We have copied the majority of tests over from Black and use [insta](https://insta.rs/docs/cli/) for
snapshot testing with the diff between Ruff and Black, Black output and Ruff output. We put
additional test cases in `resources/test/fixtures/ruff`.
The full Ruff test suite is slow, `cargo test -p ruff_python_formatter` is a lot faster.
You can check the black compatibility on a number of projects using
`scripts/formatter_ecosystem_checks.sh`. It will print the similarity index, the percentage of lines
that remains unchanged between black's formatting and our formatting. You could compute it as the
number of neutral lines in a diff divided by the neutral plus the removed lines. It also checks for
common problems such unstable formatting, internal formatter errors and printing invalid syntax. We
run this script in CI and you can view the results in a PR page under "Checks" > "CI" > "Summary" at
the bottom of the page.
There is a `ruff_python_formatter` binary that avoid building and linking the main `ruff` crate.
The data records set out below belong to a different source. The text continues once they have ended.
Lemma realifyK : cancel realify complexify.
Proof.
move=> A; apply/matrixP => i j; rewrite mxE /realify row_mxEl row_mxEr.
by rewrite !mxvecE !mxE; case: (A i j).
Qed.

Lemma complexifyK : cancel complexify realify.
Proof.
move=> v; apply/rowP => k; rewrite -[k]splitK; case: (fintype.split k) => [k1|k2] /=.
  by rewrite row_mxEl; case/mxvec_indexP: k1 => i j; rewrite mxvecE !mxE.
by rewrite row_mxEr; case/mxvec_indexP: k2 => i j; rewrite mxvecE !mxE.
Qed.

Lemma complexifyD v w : complexify (v + w) = complexify v + complexify w.
Proof. by apply/matrixP => i j; rewrite !mxE. Qed.

Lemma complexifyZ (a : R) v : complexify (a *: v) = a%:C%C *: complexify v.
Proof.
apply/matrixP => i j; rewrite !mxE /=.
by apply/eqP; rewrite eq_complex /=; apply/andP; split; apply/eqP; ring.
Qed.

Lemma realify_Re (A : 'M[C]_d) i j :
  realify A ord0 (lshift (d * d) (mxvec_index i j)) = complex.Re (A i j).
Proof. by rewrite /realify row_mxEl mxvecE mxE. Qed.

Lemma realify_Im (A : 'M[C]_d) i j :
  realify A ord0 (rshift (d * d) (mxvec_index i j)) = complex.Im (A i j).
Proof. by rewrite /realify row_mxEr mxvecE mxE. Qed.

(* A complex-valued norm takes real values, so its real part is a real norm on
   R^(2 d^2); domination of real and imaginary parts gives domination of the
   complex entries. *)
Lemma complex_mx_entry_dominated (N : 'M[C]_d -> C) :
  vnorm N -> exists2 a : C, 0 < a & entry_dominated N a.
Proof.
case=> N0 Ndef NZ ND.
have N_real A : N A = (complex.Re (N A))%:C%C.
  by have := ger0_Im (N0 A); case: (N A) => x y /= ->.
pose Nr v := complex.Re (N (complexify v)).
have Nr_ge0 v : 0 <= Nr v by have := N0 (complexify v); rewrite lecE => /andP[].
have hNr : vnorm Nr.
  have complexify0 : complexify 0 = 0.
    by rewrite -(scale0r (0 : 'rV[R]_D)) complexifyZ scale0r.
  split=> // [v Nv0|a v|v w].
  - have : complexify v = 0.
      by apply: Ndef; rewrite N_real; move: Nv0; rewrite /Nr => ->.
    by rewrite -{2}(complexifyK v) => ->; rewrite -complexify0 complexifyK.
  - rewrite /Nr complexifyZ NZ normc_def /= expr0n /= addr0 sqrtr_sqr.
    by case: (N (complexify v)) => p q /=; rewrite mul0r subr0.
  - have := ND (complexify v) (complexify w); rewrite /Nr complexifyD lecE.
    by case/andP=> _; case: (N (complexify v)) => ? ?; case: (N (complexify w)).
have [a a0 Ndom] := vnorm_entry_dominated hNr.
exists (a / 2)%:C%C => [|A i j]; first by rewrite ltcR divr_gt0.
have hRe := Ndom (realify A) ord0 (lshift (d * d) (mxvec_index i j)).
have hIm := Ndom (realify A) ord0 (rshift (d * d) (mxvec_index i j)).
rewrite /Nr realifyK realify_Re in hRe; rewrite /Nr realifyK realify_Im in hIm.
rewrite [N A]N_real normc_def -rmorphM lecR.
apply: le_trans (_ : a / 2 * (`|complex.Re (A i j)| + `|complex.Im (A i j)|) <= _).
  by rewrite ler_wpM2l ?sqrt_sum_sqr_le // divr_ge0 // ltW.
lra.
Qed.

End Realification.

Lemma real_archimedean (R : realType) (x : R) : exists k : nat, `|x| < k%:R.
Proof. by exists (Num.truncn `|x|).+1; rewrite truncnS_gt. Qed.

Lemma complex_archimedean (R : realType) (x : (R[i])%C) : exists k : nat, `|x| < k%:R.
Proof.
exists (Num.truncn (Num.sqrt (complex.Re x ^+ 2 + complex.Im x ^+ 2))).+1.
by rewrite normc_def -(rmorph_nat (@real_complex_def R (Phant R))) ltcR truncnS_gt.
Qed.

Theorem mainTheorem11 (R : realType) (K : numFieldType)
  (hK : K = (R : numFieldType) \/ K = ((R[i])%C : numFieldType))
  (d : nat) (Kset : set 'M[K]_d) (N : 'M[K]_d -> K) :
  is_norm N ->
  Kset `<=` @nilpotent_set K d ->
  compact Kset ->
  exists C : K, 0 < C /\
    forall (t : K), 0 <= t <= 1 ->
    forall X : 'M[K]_d, Kset X ->
      N (mexp (t *: X) - 1%:M) <= C * t * N (mexp X - 1%:M).
Proof.
move=> hN Knil Kcompact.
case: d Kset N hN Knil Kcompact => [|n] Kset N hN Knil Kcompact.
  exists 1; split => // t _ X _.
  rewrite (flatmx0 (mexp (t *: X) - 1%:M)) (flatmx0 (mexp X - 1%:M)).
  by rewrite vnorm0 // mulr0.
have Karch : forall x : K, exists k : nat, `|x| < k%:R.
  by case: hK => ->; [exact: real_archimedean | exact: complex_archimedean].
have [a a0 Ndom] : exists2 a : K, 0 < a & entry_dominated N a.
  case: hK hN => hK; subst K.
  - exact: real_mx_entry_dominated.
  - exact: complex_mx_entry_dominated.
have [M M0 Kbound] := compact_entry_bounded Karch Kcompact.
apply: (nilpotent_exp_estimate hN a0 Ndom M0) => X KX; split; first exact: Kbound.
by have [m Xm] := Knil X KX; exact: nilpotent_mx_exp_size Xm.
Qed.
You can use `scratch.py` as a playground, e.g.
`cargo run --bin ruff_python_formatter -- --emit stdout scratch.py`, which additional `--print-ir`
and `--print-comments` options.
The origin of Ruff's formatter is the [Rome formatter](https://github.com/rome/tools/tree/main/crates/rome_json_formatter),
e.g. the ruff_formatter crate is forked from the [rome_formatter crate](https://github.com/rome/tools/tree/main/crates/rome_formatter).
The Rome repository can be a helpful reference when implementing something in the Ruff formatter.
### Checking entire projects
It's possible to format an entire project:
```shell
cargo run --bin ruff_dev -- format-dev --write my_project
```
This will format all files that `ruff check` would lint and computes the similarity index, the
fraction of changed lines. The similarity index is 1 if there were no changes at all, while 0 means
we changed every single line. If you run this on a black formatted projects, this tells you how
similar the ruff formatter is to black for the given project, with our goal being as close to 1 as
possible.
There are three common problems with the formatter: The second formatting pass looks different than
the first (formatter instability or lack of idempotency), we print invalid syntax (e.g. missing
parentheses around multiline expressions) and panics (mostly in debug assertions). We test for all
of these using the `--stability-check` option in the `format-dev` subcommand:
The easiest is to check CPython:
```shell
git clone --branch 3.10 https://github.com/python/cpython.git crates/ruff/resources/test/cpython
cargo run --bin ruff_dev -- format-dev --stability-check crates/ruff/resources/test/cpython
```
Compared to `ruff check`, `cargo run --bin ruff_dev -- format-dev` has 4 additional options:
- `--write`: Format the files and write them back to disk
- `--stability-check`: Format twice (but don't write to disk) and check for differences and crashes
- `--multi-project`: Treat every subdirectory as a separate project. Useful for ecosystem checks.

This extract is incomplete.